Девочка, которая в меня врезалась, оказалась дочкой преподавательницы Миранды. И мама ей вчера рассказала, что две ученицы из ее класса пропали. И тогда ее дочь с подружками решили поиграть в детективов. Меня охватила дикая злоба, я подлетел к ним и вдавил эту девочку в стенку. Ее подружки тут же, испугавшись, вцепились друг в друга. Дочка куратора же смотрела на меня круглыми выпученными глазами. Я тогда на повышенных тонах объяснил ей, что красть нехорошо, особенно если это улики. Я не помню, что именно ей тогда наплел, но что-то в духе, что если она не вернет это на место, то ее посадят на 10 лет, за сокрытие преступления. Она тогда сильно напугалась и кинулась обратно в кабинет матери. Я наблюдал, следил, чтобы «улика» дошла непосредственно до полицейских. Эта маленькая воришка в слезах кинулась на выходящую из кабинета мать с криками «Мама! Я нашла это в ящике! Вот, возьмите! Не сажайте меня в тюрьму, пожалуйста! Я не хочу в тюрьму!». Преподавательница взяла эту записку и передала полицейским. Впоследствии экспертиза подтвердила, что написанное совпадало с почерками обеих девушек и их поиски перенеслись на путь к Северной Каролине. Но это было потом. А тот день отпечатался в моей памяти, как очень дерьмовый... Когда мои ровесники стали подтягиваться в школу, я встретил на себе множество презрительных взглядов. Все мои предыдущие жертвы смотрели на меня, как на монстра. Я видел, что они винят меня в пропаже девушек. Они проедали меня взглядом. А я понимал, что это правда и поэтому вскипал, как чайник. Я готов был порвать в клочья первого, кто ко мне подойдет, но никто не подходил. Даже Мия и Эмили. Даже они обходили меня стороной, и делали вид, что не замечают. Злость переполняла меня, я думал, что вот-вот взорвусь. Но смог продержаться до конца занятий.

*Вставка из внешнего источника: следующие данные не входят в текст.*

(* Let $T>0$ and let $\alpha,\beta:\mathbb{R}\to\mathbb{R}$ be continuous $T$-periodic functions such that $\alpha=0$ on $[\tfrac T2,T]$, $\beta=0$ on $[0,\tfrac T2]$, $\alpha>0$ on $(0,\tfrac T2)$, $\beta>0$ on $(\tfrac T2,T)$, and $\int_0^T\alpha=\int_0^T\beta=:A>0$. For $x\in\mathbb{R}$ define $E_0(x):=1$, $E_1(x):=e^{(1-x)A}$ and, for $n\ge2$, \[ E_n(x):=\begin{cases} \exp\!\Big(\big[x(E_1(x)+E_3(x)+\cdots+E_{n-1}(x))-\tfrac n2\big]A\Big), & n \text{ even},\\[4pt] \exp\!\Big(\big[\tfrac{n+1}{2}-x(E_0(x)+E_2(x)+\cdots+E_{n-1}(x))\big]A\Big), & n\text{ odd}.\end{cases} \] Then for every integer $n\ge1$ and every $x>0$, \[ \mathcal{P}_n(x,x)=\big(xE_{2n-1}(x),\,xE_{2n}(x)\big). \]
   Context: $\mathcal{P}_n(u_0,v_0):=(u(nT),v(nT))$, where $(u,v)$ is the solution of $u'=\alpha(t)u(1-v)$, $v'=\beta(t)v(-1+u)$ with $(u(0),v(0))=(u_0,v_0)$ (the $nT$-time Poincaré map). *)

From Stdlib Require Import Reals List Arith.
From Coquelicot Require Import Coquelicot.
Import ListNotations.
Open Scope R_scope.

Definition sum_idx (P : nat -> bool) (l : list R) : R :=
  fold_right Rplus 0
    (map (fun i => if P i then nth i l 0 else 0) (seq 0 (length l))).

(* Given l = [E_0; ...; E_{n-1}], compute E_n (n >= 1). *)
Definition E_next (A x : R) (l : list R) (n : nat) : R :=
  if Nat.eqb n 1 then exp ((1 - x) * A)
  else if Nat.even n then
    exp ((x * sum_idx Nat.odd l - INR n / 2) * A)
  else
    exp ((INR (n + 1) / 2 - x * sum_idx Nat.even l) * A).
(* Consider a time-invariant UMCO channel on finite alphabets and suppose that for every time-invariant channel input distribution $\pi^\infty$ the output transition matrix $\mathbf P(\pi^\infty)=\{\mathbf P^{\pi^\infty}(b_0|b_{-1})\}_{b_0,b_{-1}\in\mathbb B}$ is irreducible. Then for every $\pi^\infty$ and every initial distribution $\mu$, $$J(\pi^\infty,\mu)=\nu(\pi^\infty)^T\ell(\pi^\infty)=:J(\pi^\infty),$$ which is independent of $\mu$, where $\nu(\pi^\infty)$ is the unique invariant distribution, $\mathbf P(\pi^\infty)\nu(\pi^\infty)=\nu(\pi^\infty)$. If moreover there is a time-invariant $\pi^{\infty,*}$ with $J(\pi^{\infty,*})=\max_{\pi^\infty}J(\pi^\infty)$, then there exist $V:\mathbb B\to\mathbb R$ such that $$J(\pi^{\infty,*})+V(b_{-1})=\sup_{\pi^\infty(\cdot|b_{-1})}\Big\{\ell(b_{-1},\pi^\infty(b_{-1}))+\sum_{z\in\mathbb B}V(z)\mathbf P^{\pi^\infty}(z|b_{-1})\Big\}\quad\forall b_{-1}\in\mathbb B,$$ and $J(\pi^{\infty,*})=C^{FB,UMCO}_{A^\infty\to B^\infty}=\liminf_{n\to\infty}\frac1n\sup_{\pi^\infty}\mathbf E^{\pi^\infty}_\mu[\sum_{i=0}^{n-1}\log\frac{\mathbf P(B_i|B_{i-1},A_i)}{\mathbf P^{\pi^\infty}(B_i|B_{i-1})}]$ for every $\mu$.
   Context: Time-invariant UMCO channel $\mathbf P(b_i|b_{i-1},a_i)$ on finite alphabets $\mathbb A,\mathbb B$; time-invariant input $\pi^\infty(a_i|b_{i-1})$; $\mathbf P^{\pi^\infty}(b_i|b_{i-1})=\sum_a\mathbf P(b_i|b_{i-1},a)\pi^\infty(a|b_{i-1})$. $\ell(b,\pi^\infty(b))=\sum_{a}\sum_{b'}\log\frac{\mathbf P(b'|b,a)}{\mathbf P^{\pi^\infty}(b'|b)}\mathbf P(b'|b,a)\pi^\infty(a|b)$, and $\ell(\pi^\infty)\in\mathbb R^{|\mathbb B|}$ is the vector of these values. $J(\pi^\infty,\mu)=\liminf_{n\to\infty}\frac1n\mathbf E^{\pi^\infty}_\mu[\sum_{i=0}^{n-1}\log\frac{\mathbf P(B_i|B_{i-1},A_i)}{\mathbf P^{\pi^\infty}(B_i|B_{i-1})}]$, with $B_{-1}\sim\mu$. *)

From mathcomp Require Import all_boot.
From Stdlib Require Import Reals.
Set Implicit Arguments. Unset Strict Implicit. Unset Printing Implicit Defensive.
Open Scope R_scope.

Definition rsum (T : finType) (f : T -> R) : R := \big[Rplus/0%R]_(i : T) f i.

Definition is_dist (T : finType) (q : T -> R) : Prop :=
  (forall t, 0 <= q t) /\ rsum q = 1.

Section UMCO.
Variables (A B : finType).

(* Channel: P b a b' = P(b_i = b' | b_{i-1} = b, a_i = a). *)
Definition is_channel (P : B -> A -> B -> R) : Prop :=
  forall b a, is_dist (P b a).

(* Time-invariant input: pi b a = pi^oo(a_i = a | b_{i-1} = b). *)
Definition is_policy (pi : B -> A -> R) : Prop := forall b, is_dist (pi b).

Variable P : B -> A -> B -> R.

Definition Pq (b : B) (q : A -> R) (b' : B) : R := rsum (fun a => P b a b' * q a).

(* ell(b, q) = sum_a sum_b' log(P(b'|b,a)/P^q(b'|b)) P(b'|b,a) q(a)
   (Stdlib ln is 0 on nonpositive arguments, giving the 0 log 0 = 0 convention). *)
Definition ellq (b : B) (q : A -> R) : R :=
  rsum (fun a => rsum (fun b' => ln (P b a b' / Pq b q b') * P b a b' * q a)).

Definition Pout (pi : B -> A -> R) (b b' : B) : R := Pq b (pi b) b'.
Definition ell (pi : B -> A -> R) (b : B) : R := ellq b (pi b).

Fixpoint ptrans (pi : B -> A -> R) (n : nat) (b b' : B) : R :=
  match n with
  | O => if b == b' then 1 else 0
  | S m => rsum (fun z => ptrans pi m b z * Pout pi z b')
  end.

Definition out_irreducible (pi : B -> A -> R) : Prop :=
  forall b b', exists n, 0 < ptrans pi n b b'.

Definition is_invariant (pi : B -> A -> R) (nu : B -> R) : Prop :=
  is_dist nu /\ forall b', rsum (fun b => Pout pi b b' * nu b) = nu b'.

(* Distribution of B_{i-1} when B_{-1} ~ mu. *)
Fixpoint distB (pi : B -> A -> R) (mu : B -> R) (i : nat) (b' : B) : R :=
  match i with
  | O => mu b'
  | S m => rsum (fun b => distB pi mu m b * Pout pi b b')
  end.

(* E^{pi}_mu [ log P(B_i|B_{i-1},A_i) / P^{pi}(B_i|B_{i-1}) ], computed from the
   joint law of (B_{i-1}, A_i, B_i). *)
Definition termExp (pi : B -> A -> R) (mu : B -> R) (i : nat) : R :=
  rsum (fun b => rsum (fun a => rsum (fun b' =>
    distB pi mu i b * pi b a * P b a b' * ln (P b a b' / Pout pi b b')))).

Definition expSum (pi : B -> A -> R) (mu : B -> R) (n : nat) : R :=
  \big[Rplus/0%R]_(0 <= i < n) termExp pi mu i.

Definition Jinv (pi : B -> A -> R) (nu : B -> R) : R := rsum (fun b => nu b * ell pi b).

End UMCO.

Definition is_liminf (u : nat -> R) (l : R) : Prop :=
  (forall eps, 0 < eps -> exists N, forall n, (N <= n)%nat -> l - eps < u n) /\
  (forall eps, 0 < eps -> forall N, exists n, (N <= n)%nat /\ u n < l + eps).

From mathcomp Require Import all_boot all_order all_algebra Rstruct.
From Stdlib Require Import Reals Lra FunctionalExtensionality Classical.
Set Implicit Arguments. Unset Strict Implicit. Unset Printing Implicit Defensive.

(* For an irreducible stochastic matrix [K], Fredholm's alternative for [I - K]
   together with a minimum principle yields a unique invariant distribution [nu]
   and, for every reward [v], a solution [h] of the Poisson equation
   [v + K h = nu^T v + h].  Telescoping along the output chain then gives
   [E[sum_{i<n} ell] = n J + O(|h|)], so the time average tends to [J = nu^T ell]
   whatever the initial law.  For an optimal [pistar], changing the input law at a
   single state cannot make the Poisson defect positive, since the modified chain
   visits that state with positive frequency: this is the optimality equation with
   [V = h], and the same telescoping bounds the average of every policy by
   [J + O(1/n)], so the optimal averages also tend to [J]. *)


Section FredholmAlternative.
Import GRing.Theory.
Local Open Scope ring_scope.

Lemma solvable_of_left_kernel_orth (F : fieldType) n (M : 'M[F]_n) (v : 'cV[F]_n) :
  (forall w : 'rV_n, w *m M = 0 -> w *m v = 0) -> exists h, M *m h = v.
Proof.
move=> orth.
suff: (v^T <= M^T)%MS.
  by case/submxP => D HD; exists D^T; rewrite -[v]trmxK HD trmx_mul trmxK.
rewrite submxE; apply/eqP/matrixP => i k.
have kerM : (col k (cokermx M^T))^T *m M = 0.
  by rewrite -[M in _ *m M]trmxK -trmx_mul colE mulmxA mulmx_coker mul0mx trmx0.
have := congr1 (fun u : 'M_1 => u 0 0) (orth _ kerM); rewrite !mxE [i]ord1 => E.
by rewrite -[RHS]E; apply: eq_bigr => j _; rewrite !mxE mulrC.
Qed.

Lemma solvable_of_left_kernel_orth_fin (F : fieldType) (T : finType)
    (M : T -> T -> F) (v : T -> F) :
  (forall w : T -> F, (forall j, \sum_i w i * M i j = 0) -> \sum_i w i * v i = 0) ->
  exists h : T -> F, forall i, \sum_j M i j * h j = v i.
Proof.
move=> orth.
have sumE (G : T -> F) : \sum_x G x = \sum_(k < #|T|) G (enum_val k).
  by rewrite -big_enum_val; apply: eq_bigl => x; rewrite inE.
pose Mx : 'M[F]_#|T| := \matrix_(k, l) M (enum_val k) (enum_val l).
have [|h Hh] := @solvable_of_left_kernel_orth F _ Mx (\col_k v (enum_val k)).
  move=> w /matrixP wM; apply/matrixP => i0 j0; rewrite [i0]ord1 [j0]ord1 !mxE.
  under eq_bigr do rewrite mxE.
  have -> : \sum_k w 0 k * v (enum_val k) = \sum_x w 0 (enum_rank x) * v x.
    by rewrite sumE; apply: eq_bigr => k _; rewrite enum_valK.
  apply: orth => y; have := wM 0 (enum_rank y); rewrite !mxE => E.
  by rewrite -[RHS]E sumE; apply: eq_bigr => k _; rewrite enum_valK mxE enum_rankK.
exists (fun x => h (enum_rank x) 0) => x.
have /matrixP/(_ (enum_rank x) 0) := Hh; rewrite !mxE enum_rankK => <-.
by rewrite sumE; apply: eq_bigr => k _; rewrite mxE enum_rankK enum_valK.
Qed.

End FredholmAlternative.

Open Scope R_scope.

Section RealSums.
Variable T : finType.
Implicit Types f g : T -> R.

Lemma rsum_ext f g : (forall i, f i = g i) -> rsum f = rsum g.
Proof. by move=> fg; apply: eq_bigr => i _. Qed.

Lemma rsum0 : rsum (fun _ : T => 0) = 0.
Proof. exact: big1. Qed.

Lemma rsumD f g : rsum (fun i => f i + g i) = rsum f + rsum g.
Proof. exact: big_split. Qed.

Lemma rsumZl c f : rsum (fun i => c * f i) = c * rsum f.
Proof. by rewrite /rsum big_distrr. Qed.

Lemma rsumZr c f : rsum (fun i => f i * c) = rsum f * c.
Proof. by rewrite /rsum big_distrl. Qed.

Lemma rsumB f g : rsum (fun i => f i - g i) = rsum f - rsum g.
Proof.
have : rsum (fun i => f i - g i) + rsum g = rsum f.
  by rewrite -rsumD; apply: rsum_ext => i; ring.
lra.
Qed.

Lemma rsum_le f g : (forall i, f i <= g i) -> rsum f <= rsum g.
Proof.
move=> fg; apply: (big_ind2 Rle (Rle_refl 0)) => // *; exact: Rplus_le_compat.
Qed.

Lemma rsum_ge0 f : (forall i, 0 <= f i) -> 0 <= rsum f.
Proof. by move=> f0; rewrite -rsum0; apply: rsum_le. Qed.

Lemma Rabs_rsum_le f : Rabs (rsum f) <= rsum (fun i => Rabs (f i)).
Proof.
apply: (big_ind2 (fun x y => Rabs x <= y)) => [|x1 x2 y1 y2 le1 le2|i _].
- by rewrite Rabs_R0; apply: Rle_refl.
- by apply: Rle_trans (Rabs_triang _ _) _; lra.
- exact: Rle_refl.
Qed.

Lemma rsumD1 f i0 : rsum f = f i0 + rsum (fun i => if i == i0 then 0 else f i).
Proof.
rewrite /rsum (bigD1 i0) //= [in RHS](bigD1 i0) //= eqxx Rplus_0_l.
by congr (_ + _); apply: eq_bigr => i /negbTE ->.
Qed.

Lemma rsum1 f i0 : (forall i, i != i0 -> f i = 0) -> rsum f = f i0.
Proof.
move=> f0; rewrite (rsumD1 f i0) (@rsum_ext _ (fun _ => 0)) ?rsum0 ?Rplus_0_r //.
by move=> i; case: eqP => // /eqP; apply: f0.
Qed.

Lemma rsum_ge_term f i0 : (forall i, 0 <= f i) -> f i0 <= rsum f.
Proof.
move=> f0; rewrite (rsumD1 f i0).
suff : 0 <= rsum (fun i => if i == i0 then 0 else f i) by lra.
by apply: rsum_ge0 => i; case: eqP => _ //; apply: Rle_refl.
Qed.

Lemma rsum_eq0P f : (forall i, 0 <= f i) -> rsum f = 0 -> forall i, f i = 0.
Proof. by move=> f0 sf0 i; have := rsum_ge_term i f0; have := f0 i; lra. Qed.

Lemma exists_argmin (t0 : T) f : exists i, forall j, f i <= f j.
Proof.
case: (@Order.TotalTheory.arg_minP _ R T t0 xpredT f isT) => i _ min_i.
by exists i => j; apply/RleP; apply: min_i.
Qed.

End RealSums.

Lemma sumR_nat_recr (F : nat -> R) n :
  \big[Rplus/0]_(0 <= i < n.+1) F i = \big[Rplus/0]_(0 <= i < n) F i + F n.
Proof. exact: big_nat_recr. Qed.

Lemma rsumC (T U : finType) (f : T -> U -> R) :
  rsum (fun i => rsum (fun j => f i j)) = rsum (fun j => rsum (fun i => f i j)).
Proof. exact: exchange_big. Qed.

Section StochasticMatrix.
Variables (T : finType) (K : T -> T -> R).
Hypothesis K_stoch : forall x, is_dist (K x).

Fixpoint kpow (n : nat) (x y : T) : R :=
  match n with
  | O => if x == y then 1 else 0
  | S m => rsum (fun z => kpow m x z * K z y)
  end.

Definition irreducible : Prop := forall x y, exists n, 0 < kpow n x y.

Definition invariant (w : T -> R) : Prop :=
  forall y, rsum (fun x => K x y * w x) = w y.

Definition kapply (h : T -> R) (x : T) : R := rsum (fun y => K x y * h y).

Lemma K_ge0 x y : 0 <= K x y.
Proof. exact: (proj1 (K_stoch x)). Qed.

Lemma kpow_ge0 n x y : 0 <= kpow n x y.
Proof.
elim: n x y => [|n IH] x y /=; first by case: eqP => _; lra.
by apply: rsum_ge0 => z; apply: Rmult_le_pos; [apply: IH | apply: K_ge0].
Qed.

А когда я вернулся домой, то прихватив пару бутербродов, отправился в бункер к Эльзе. Я понимал, что она должна поесть, как бы то ни было. Спустился вниз. Эльза тихо сидела за столом. Я подошел к ней и кинул бутерброды на стол, снова сказав: «Ешь!». Но эта сука тут же воткнула мне в руку отвертку. Видимо смогла дотянуться до полки с инструментами. Я со всей силы ударил ее так, что она грохнулась вместе со стулом на пол. Я с рыком выдернул из руки отвертку, торчащую насквозь ладони, и быстро отстегнул девушку от наручников. Она и опомниться не успела, как я, схватив за волосы, поволок ее по полу. Я затащил ее на кровать, туго привязывая веревкой к ржавому металлу решетки. Эльза начала рыдать во всю глотку, но мне почему-то хотелось, что бы она заткнулась. По ее губам стекала кровь от предыдущего удара. Я хотел тогда стукнуть ее, что бы она замолчала, но увидев кровь, передумал. Найдя какую-то старую тряпку, я завязал ей рот, как можно туже, так, что она могла только жалобно мычать. Снова достал из кармана ножик, и принялся избавлять ее от одежды. Медленно, наблюдая за ужасом в ее глазах. А когда одежды не осталось, я стал водить ножом по ее телу. Проводил по коже, оставляя красные полосы, сквозь которые выступали капли крови. Она пыталась сбежать от холодной стали, но бежать было некуда. Я спускался от ее шеи к животу и ниже. А когда стал водить кончиком ножа у нее между ног, она взвыла и зарыдала так, что даже тряпка, завязывающая ей рот, не спасала. Она думала, что сейчас лезвие ножа окажется внутри нее. И признаюсь, у меня были такие мысли, но на это не хватило смелости. Я же не собирался ее тогда убивать. По ее бледной коже стекала кровь от мелких порезов, ее даже было больше, чем когда я сделал Саре пирсинг. Но мне все равно хотелось наказать Эльзу, сильнее, жестче.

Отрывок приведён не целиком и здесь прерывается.